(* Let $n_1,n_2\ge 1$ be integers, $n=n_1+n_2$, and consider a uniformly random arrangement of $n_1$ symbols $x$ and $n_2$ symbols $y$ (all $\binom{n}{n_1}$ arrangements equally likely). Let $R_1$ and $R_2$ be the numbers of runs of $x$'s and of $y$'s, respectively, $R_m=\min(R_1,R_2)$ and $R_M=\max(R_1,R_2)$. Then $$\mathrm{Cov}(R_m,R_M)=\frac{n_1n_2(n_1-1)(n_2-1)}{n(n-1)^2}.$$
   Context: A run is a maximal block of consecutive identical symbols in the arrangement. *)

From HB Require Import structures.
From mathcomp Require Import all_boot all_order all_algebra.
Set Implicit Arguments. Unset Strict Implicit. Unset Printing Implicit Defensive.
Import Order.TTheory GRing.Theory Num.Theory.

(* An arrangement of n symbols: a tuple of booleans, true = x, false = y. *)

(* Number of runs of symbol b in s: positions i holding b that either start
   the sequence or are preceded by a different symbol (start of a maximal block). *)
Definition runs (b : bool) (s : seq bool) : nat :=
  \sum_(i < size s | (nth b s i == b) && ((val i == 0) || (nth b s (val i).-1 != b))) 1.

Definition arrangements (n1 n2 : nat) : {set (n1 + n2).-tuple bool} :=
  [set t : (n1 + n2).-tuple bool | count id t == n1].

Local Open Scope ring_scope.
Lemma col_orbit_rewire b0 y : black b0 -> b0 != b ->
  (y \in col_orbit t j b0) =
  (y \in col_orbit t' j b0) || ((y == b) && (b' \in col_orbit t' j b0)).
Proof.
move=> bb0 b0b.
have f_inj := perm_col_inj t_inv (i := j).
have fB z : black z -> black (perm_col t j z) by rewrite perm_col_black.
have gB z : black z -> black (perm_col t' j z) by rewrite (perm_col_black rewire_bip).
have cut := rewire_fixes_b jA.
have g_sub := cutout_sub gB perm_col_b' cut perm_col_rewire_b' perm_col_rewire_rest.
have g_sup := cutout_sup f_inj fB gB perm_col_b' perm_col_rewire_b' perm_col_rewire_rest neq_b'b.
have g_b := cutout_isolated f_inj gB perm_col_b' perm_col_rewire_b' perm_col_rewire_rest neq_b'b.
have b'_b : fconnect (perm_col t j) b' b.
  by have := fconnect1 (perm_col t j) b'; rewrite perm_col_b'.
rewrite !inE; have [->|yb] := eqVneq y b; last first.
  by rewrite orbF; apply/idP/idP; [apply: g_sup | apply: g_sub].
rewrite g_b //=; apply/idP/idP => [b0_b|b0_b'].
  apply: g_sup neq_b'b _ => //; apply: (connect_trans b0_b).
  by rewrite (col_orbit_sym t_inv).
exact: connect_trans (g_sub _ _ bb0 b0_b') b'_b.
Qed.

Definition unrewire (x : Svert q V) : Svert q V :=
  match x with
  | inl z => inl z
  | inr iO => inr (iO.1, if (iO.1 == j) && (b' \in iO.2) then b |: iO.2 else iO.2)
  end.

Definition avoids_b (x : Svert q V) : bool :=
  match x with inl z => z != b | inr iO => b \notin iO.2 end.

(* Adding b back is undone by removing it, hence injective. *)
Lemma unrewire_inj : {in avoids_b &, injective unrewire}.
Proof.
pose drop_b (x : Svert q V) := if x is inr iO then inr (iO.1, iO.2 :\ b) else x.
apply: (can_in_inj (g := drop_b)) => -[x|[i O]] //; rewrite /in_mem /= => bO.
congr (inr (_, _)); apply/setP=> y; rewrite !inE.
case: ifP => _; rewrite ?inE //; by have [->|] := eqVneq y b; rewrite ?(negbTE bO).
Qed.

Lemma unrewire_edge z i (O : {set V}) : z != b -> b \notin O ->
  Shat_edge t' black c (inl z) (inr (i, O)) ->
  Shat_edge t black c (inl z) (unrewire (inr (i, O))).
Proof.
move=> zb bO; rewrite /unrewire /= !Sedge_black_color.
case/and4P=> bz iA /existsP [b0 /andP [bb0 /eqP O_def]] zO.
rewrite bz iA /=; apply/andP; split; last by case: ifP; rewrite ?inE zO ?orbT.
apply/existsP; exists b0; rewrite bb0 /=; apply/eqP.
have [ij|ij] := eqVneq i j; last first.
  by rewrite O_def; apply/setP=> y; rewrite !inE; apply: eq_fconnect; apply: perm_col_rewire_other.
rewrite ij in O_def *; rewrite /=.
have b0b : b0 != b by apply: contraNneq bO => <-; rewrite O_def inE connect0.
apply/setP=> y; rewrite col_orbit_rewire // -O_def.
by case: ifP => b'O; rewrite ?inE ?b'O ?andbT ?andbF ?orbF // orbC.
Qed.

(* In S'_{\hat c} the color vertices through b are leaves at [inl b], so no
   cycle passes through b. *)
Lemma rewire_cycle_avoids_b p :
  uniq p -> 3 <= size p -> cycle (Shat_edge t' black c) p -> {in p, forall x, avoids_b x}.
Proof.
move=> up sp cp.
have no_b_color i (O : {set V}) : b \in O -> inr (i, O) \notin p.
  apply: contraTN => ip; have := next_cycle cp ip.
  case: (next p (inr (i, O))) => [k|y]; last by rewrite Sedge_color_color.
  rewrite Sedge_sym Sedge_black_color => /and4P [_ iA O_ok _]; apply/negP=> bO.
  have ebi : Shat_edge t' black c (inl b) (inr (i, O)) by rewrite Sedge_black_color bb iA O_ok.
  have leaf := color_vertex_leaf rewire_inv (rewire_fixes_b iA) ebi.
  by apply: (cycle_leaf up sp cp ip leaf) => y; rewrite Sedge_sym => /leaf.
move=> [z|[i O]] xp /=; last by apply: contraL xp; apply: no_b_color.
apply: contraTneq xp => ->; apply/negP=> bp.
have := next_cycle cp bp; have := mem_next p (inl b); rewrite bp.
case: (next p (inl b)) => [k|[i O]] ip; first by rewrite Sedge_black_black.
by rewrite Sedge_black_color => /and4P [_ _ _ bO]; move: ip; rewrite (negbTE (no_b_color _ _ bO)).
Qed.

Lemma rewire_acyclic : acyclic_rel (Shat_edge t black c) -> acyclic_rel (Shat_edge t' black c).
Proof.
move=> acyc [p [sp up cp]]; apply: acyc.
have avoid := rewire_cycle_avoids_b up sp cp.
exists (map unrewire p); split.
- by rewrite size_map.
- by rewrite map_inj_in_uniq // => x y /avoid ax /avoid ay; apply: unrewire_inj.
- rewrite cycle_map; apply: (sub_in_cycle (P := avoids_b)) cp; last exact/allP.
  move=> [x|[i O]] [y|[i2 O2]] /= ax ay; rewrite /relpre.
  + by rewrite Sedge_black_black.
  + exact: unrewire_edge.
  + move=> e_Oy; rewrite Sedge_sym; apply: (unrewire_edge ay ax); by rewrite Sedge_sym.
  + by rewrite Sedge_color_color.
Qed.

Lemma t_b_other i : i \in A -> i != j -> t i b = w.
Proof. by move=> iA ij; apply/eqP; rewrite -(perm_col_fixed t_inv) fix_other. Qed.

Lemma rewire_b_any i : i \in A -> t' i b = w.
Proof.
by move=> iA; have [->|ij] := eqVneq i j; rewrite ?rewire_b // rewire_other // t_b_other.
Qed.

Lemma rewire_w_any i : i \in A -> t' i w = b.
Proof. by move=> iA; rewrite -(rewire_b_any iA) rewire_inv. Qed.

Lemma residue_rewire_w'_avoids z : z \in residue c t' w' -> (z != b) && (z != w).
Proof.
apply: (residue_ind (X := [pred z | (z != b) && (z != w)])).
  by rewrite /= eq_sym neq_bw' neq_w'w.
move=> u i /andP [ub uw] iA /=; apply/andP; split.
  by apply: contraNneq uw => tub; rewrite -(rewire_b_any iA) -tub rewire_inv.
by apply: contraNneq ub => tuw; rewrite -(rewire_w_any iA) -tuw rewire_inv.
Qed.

========================================================================

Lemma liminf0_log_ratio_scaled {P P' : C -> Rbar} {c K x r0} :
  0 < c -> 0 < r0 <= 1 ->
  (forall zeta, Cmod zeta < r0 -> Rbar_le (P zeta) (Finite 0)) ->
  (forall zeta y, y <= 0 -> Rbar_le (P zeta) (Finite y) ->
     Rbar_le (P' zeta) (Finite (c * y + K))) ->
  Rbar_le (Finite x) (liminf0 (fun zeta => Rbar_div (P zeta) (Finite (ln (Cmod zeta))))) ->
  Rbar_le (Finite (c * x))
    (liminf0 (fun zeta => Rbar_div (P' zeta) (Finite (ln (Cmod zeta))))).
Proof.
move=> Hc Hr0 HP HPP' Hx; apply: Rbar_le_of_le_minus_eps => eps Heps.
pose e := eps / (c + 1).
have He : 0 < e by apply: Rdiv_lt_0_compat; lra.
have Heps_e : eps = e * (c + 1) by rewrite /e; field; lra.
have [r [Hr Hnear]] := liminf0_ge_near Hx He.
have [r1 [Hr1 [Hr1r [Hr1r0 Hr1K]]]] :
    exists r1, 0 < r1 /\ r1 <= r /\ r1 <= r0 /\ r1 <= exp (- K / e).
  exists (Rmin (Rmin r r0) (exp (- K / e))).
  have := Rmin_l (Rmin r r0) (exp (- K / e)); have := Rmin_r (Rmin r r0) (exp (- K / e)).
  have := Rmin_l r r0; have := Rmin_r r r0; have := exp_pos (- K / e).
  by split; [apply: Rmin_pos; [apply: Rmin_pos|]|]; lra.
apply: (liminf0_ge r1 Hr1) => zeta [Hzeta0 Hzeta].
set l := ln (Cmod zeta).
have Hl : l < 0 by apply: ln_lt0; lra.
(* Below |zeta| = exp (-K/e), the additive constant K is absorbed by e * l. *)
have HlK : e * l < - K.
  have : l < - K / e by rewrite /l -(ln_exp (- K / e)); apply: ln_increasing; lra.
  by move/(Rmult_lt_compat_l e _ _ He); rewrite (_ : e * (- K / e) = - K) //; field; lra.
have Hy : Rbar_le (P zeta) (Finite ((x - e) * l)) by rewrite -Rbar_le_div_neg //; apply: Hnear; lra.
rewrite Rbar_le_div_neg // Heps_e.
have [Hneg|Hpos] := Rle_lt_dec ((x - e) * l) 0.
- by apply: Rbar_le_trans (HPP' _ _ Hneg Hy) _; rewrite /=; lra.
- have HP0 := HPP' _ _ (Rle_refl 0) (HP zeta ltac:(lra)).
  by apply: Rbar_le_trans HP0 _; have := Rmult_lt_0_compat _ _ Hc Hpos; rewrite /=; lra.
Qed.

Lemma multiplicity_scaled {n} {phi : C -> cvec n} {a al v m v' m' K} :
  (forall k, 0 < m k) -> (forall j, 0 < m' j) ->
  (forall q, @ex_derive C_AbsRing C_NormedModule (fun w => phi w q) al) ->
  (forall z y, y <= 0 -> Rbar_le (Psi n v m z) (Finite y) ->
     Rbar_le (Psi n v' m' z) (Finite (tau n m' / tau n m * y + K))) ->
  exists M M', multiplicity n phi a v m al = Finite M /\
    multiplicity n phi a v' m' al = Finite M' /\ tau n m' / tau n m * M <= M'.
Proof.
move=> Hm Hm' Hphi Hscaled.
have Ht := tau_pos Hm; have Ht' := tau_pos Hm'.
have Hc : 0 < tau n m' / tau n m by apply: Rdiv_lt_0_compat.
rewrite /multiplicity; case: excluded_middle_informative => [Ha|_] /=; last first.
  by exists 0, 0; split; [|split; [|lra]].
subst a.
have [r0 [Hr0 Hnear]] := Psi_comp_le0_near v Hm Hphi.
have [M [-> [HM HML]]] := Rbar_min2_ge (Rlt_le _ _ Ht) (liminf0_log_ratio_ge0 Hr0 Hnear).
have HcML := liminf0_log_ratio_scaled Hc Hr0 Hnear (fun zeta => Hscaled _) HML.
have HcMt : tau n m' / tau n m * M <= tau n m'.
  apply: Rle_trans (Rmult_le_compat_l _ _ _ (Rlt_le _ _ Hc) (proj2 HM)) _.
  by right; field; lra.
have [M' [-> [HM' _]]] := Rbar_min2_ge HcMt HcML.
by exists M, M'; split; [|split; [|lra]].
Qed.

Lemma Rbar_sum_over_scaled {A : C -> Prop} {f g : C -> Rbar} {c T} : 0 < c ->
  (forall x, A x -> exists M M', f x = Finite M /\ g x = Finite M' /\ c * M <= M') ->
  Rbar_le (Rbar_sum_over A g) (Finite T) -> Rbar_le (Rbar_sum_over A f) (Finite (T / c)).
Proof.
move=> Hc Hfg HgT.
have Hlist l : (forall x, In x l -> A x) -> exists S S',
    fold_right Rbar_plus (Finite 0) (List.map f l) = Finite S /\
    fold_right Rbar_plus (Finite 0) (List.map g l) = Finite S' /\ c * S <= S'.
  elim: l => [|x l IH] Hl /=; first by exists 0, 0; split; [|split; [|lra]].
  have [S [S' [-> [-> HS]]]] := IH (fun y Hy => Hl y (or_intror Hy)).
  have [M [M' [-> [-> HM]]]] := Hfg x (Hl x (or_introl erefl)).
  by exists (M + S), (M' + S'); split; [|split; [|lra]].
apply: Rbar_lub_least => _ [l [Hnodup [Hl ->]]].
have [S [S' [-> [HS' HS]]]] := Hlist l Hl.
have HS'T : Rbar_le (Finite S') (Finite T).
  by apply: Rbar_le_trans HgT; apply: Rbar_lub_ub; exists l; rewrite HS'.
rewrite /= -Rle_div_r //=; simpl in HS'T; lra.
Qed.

========================================================================

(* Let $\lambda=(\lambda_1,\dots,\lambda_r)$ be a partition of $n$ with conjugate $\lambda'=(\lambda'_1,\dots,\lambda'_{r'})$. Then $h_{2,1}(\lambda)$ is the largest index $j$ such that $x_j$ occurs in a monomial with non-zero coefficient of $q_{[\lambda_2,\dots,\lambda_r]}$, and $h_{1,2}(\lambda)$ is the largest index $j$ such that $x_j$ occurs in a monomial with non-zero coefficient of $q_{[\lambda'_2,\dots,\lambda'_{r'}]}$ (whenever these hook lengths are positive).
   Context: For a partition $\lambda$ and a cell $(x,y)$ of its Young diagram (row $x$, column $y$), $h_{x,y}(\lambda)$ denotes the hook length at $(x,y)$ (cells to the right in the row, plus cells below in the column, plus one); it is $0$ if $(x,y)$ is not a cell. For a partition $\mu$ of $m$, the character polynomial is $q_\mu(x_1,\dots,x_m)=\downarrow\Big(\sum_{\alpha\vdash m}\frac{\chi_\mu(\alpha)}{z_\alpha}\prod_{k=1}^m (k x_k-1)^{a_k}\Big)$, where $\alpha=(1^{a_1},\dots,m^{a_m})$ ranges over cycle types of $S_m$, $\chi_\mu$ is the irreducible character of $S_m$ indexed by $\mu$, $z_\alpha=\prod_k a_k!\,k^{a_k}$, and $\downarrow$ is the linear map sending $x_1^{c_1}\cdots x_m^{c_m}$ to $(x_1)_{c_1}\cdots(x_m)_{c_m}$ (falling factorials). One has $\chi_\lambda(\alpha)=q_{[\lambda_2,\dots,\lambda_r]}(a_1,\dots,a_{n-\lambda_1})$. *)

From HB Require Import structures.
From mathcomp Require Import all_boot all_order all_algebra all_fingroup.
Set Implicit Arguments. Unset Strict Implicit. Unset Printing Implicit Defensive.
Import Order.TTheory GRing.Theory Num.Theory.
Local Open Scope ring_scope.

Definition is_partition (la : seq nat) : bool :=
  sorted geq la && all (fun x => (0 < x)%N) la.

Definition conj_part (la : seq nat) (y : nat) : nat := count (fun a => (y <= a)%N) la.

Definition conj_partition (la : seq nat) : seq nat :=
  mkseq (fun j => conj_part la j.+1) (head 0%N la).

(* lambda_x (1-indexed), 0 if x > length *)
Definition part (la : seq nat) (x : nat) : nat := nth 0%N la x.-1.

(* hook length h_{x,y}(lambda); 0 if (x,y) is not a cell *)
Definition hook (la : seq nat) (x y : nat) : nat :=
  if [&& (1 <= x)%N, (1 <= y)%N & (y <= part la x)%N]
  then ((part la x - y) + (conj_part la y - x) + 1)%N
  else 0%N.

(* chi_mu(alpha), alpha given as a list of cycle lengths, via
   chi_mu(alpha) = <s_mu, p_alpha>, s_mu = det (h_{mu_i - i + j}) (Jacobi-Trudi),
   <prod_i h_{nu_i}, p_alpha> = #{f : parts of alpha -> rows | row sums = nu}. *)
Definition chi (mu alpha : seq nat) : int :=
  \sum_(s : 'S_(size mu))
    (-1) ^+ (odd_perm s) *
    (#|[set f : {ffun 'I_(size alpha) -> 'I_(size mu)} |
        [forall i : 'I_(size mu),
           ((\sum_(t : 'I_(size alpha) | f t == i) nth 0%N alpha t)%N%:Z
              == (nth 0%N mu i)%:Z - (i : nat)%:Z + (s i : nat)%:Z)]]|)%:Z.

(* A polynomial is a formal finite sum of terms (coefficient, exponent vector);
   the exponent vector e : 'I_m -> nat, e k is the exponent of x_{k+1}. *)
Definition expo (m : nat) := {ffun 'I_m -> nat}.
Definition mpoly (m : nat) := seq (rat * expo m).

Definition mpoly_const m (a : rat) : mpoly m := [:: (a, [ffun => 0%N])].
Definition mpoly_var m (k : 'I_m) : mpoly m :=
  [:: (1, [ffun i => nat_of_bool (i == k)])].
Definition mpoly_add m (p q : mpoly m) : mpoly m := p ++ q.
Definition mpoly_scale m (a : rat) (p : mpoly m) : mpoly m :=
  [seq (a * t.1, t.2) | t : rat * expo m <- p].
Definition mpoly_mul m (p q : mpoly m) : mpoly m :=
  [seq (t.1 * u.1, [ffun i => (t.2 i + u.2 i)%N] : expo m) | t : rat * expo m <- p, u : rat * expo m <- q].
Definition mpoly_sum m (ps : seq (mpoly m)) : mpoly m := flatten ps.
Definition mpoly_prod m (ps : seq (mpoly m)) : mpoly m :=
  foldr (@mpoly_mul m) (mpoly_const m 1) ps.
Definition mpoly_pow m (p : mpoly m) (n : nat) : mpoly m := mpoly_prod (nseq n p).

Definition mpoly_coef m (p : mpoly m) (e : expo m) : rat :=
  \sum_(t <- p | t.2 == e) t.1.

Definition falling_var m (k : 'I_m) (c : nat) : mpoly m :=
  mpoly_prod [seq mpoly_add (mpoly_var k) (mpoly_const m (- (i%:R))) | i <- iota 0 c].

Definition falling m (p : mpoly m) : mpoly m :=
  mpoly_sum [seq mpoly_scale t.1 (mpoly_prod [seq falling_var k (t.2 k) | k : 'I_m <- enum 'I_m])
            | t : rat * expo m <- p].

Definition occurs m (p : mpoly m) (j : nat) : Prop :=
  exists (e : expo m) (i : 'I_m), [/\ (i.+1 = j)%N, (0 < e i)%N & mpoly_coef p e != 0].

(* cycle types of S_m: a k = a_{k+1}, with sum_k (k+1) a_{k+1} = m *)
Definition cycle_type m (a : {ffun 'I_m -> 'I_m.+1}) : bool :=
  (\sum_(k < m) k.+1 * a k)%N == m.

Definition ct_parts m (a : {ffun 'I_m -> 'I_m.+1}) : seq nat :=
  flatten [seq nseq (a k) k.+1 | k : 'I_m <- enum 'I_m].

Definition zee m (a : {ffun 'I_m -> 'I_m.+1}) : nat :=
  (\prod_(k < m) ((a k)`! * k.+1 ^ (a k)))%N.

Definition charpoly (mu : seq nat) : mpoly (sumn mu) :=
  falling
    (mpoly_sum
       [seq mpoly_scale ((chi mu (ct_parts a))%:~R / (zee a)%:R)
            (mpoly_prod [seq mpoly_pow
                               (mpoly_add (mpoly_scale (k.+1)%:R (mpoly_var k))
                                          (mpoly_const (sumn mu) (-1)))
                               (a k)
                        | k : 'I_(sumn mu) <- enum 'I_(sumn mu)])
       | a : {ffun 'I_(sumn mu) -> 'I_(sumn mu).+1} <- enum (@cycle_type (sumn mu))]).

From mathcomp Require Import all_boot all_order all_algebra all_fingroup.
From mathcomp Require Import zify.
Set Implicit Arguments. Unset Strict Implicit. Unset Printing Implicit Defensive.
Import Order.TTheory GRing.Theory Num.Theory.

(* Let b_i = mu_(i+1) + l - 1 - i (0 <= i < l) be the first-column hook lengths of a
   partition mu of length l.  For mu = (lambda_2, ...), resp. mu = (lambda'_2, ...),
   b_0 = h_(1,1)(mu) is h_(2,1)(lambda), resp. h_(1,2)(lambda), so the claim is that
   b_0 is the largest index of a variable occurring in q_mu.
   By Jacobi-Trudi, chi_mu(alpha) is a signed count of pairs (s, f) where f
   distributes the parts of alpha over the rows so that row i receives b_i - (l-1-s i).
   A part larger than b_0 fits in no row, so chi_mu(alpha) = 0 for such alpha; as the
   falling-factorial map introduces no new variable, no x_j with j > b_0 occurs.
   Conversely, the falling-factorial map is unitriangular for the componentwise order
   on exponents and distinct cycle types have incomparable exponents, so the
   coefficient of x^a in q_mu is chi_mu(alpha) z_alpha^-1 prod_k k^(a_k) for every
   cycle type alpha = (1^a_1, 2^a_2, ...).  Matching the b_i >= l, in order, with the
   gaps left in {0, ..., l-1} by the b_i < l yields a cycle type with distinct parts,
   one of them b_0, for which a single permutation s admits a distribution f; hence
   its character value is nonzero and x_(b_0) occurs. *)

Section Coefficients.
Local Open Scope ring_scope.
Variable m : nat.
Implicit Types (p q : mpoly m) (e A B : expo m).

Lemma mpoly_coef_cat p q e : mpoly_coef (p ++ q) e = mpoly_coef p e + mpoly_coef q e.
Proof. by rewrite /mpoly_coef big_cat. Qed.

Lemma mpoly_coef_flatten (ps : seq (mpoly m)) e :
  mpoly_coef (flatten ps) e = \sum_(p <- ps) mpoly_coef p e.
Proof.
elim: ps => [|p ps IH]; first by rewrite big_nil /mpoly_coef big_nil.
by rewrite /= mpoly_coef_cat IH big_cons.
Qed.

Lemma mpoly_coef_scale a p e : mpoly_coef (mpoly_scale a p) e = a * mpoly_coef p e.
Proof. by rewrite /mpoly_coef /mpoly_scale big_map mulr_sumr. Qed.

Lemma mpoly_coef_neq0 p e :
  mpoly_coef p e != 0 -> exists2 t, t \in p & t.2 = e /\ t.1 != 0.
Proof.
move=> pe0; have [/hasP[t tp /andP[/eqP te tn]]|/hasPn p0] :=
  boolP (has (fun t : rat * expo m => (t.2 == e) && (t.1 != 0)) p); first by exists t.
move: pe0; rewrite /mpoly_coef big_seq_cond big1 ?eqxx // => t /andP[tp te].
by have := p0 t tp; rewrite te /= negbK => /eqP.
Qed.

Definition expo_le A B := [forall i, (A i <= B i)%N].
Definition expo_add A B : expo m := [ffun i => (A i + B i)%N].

========================================================================

WHAT IS NEEDED :: Going back over the entries above, copy word for word every line from the one that has "move=> pe0; have" on through the one that has "by have := p0".

THE ANSWER ::
move=> pe0; have [/hasP[t tp /andP[/eqP te tn]]|/hasPn p0] :=
  boolP (has (fun t : rat * expo m => (t.2 == e) && (t.1 != 0)) p); first by exists t.
move: pe0; rewrite /mpoly_coef big_seq_cond big1 ?eqxx // => t /andP[tp te].
by have := p0 t tp; rewrite te /= negbK => /eqP.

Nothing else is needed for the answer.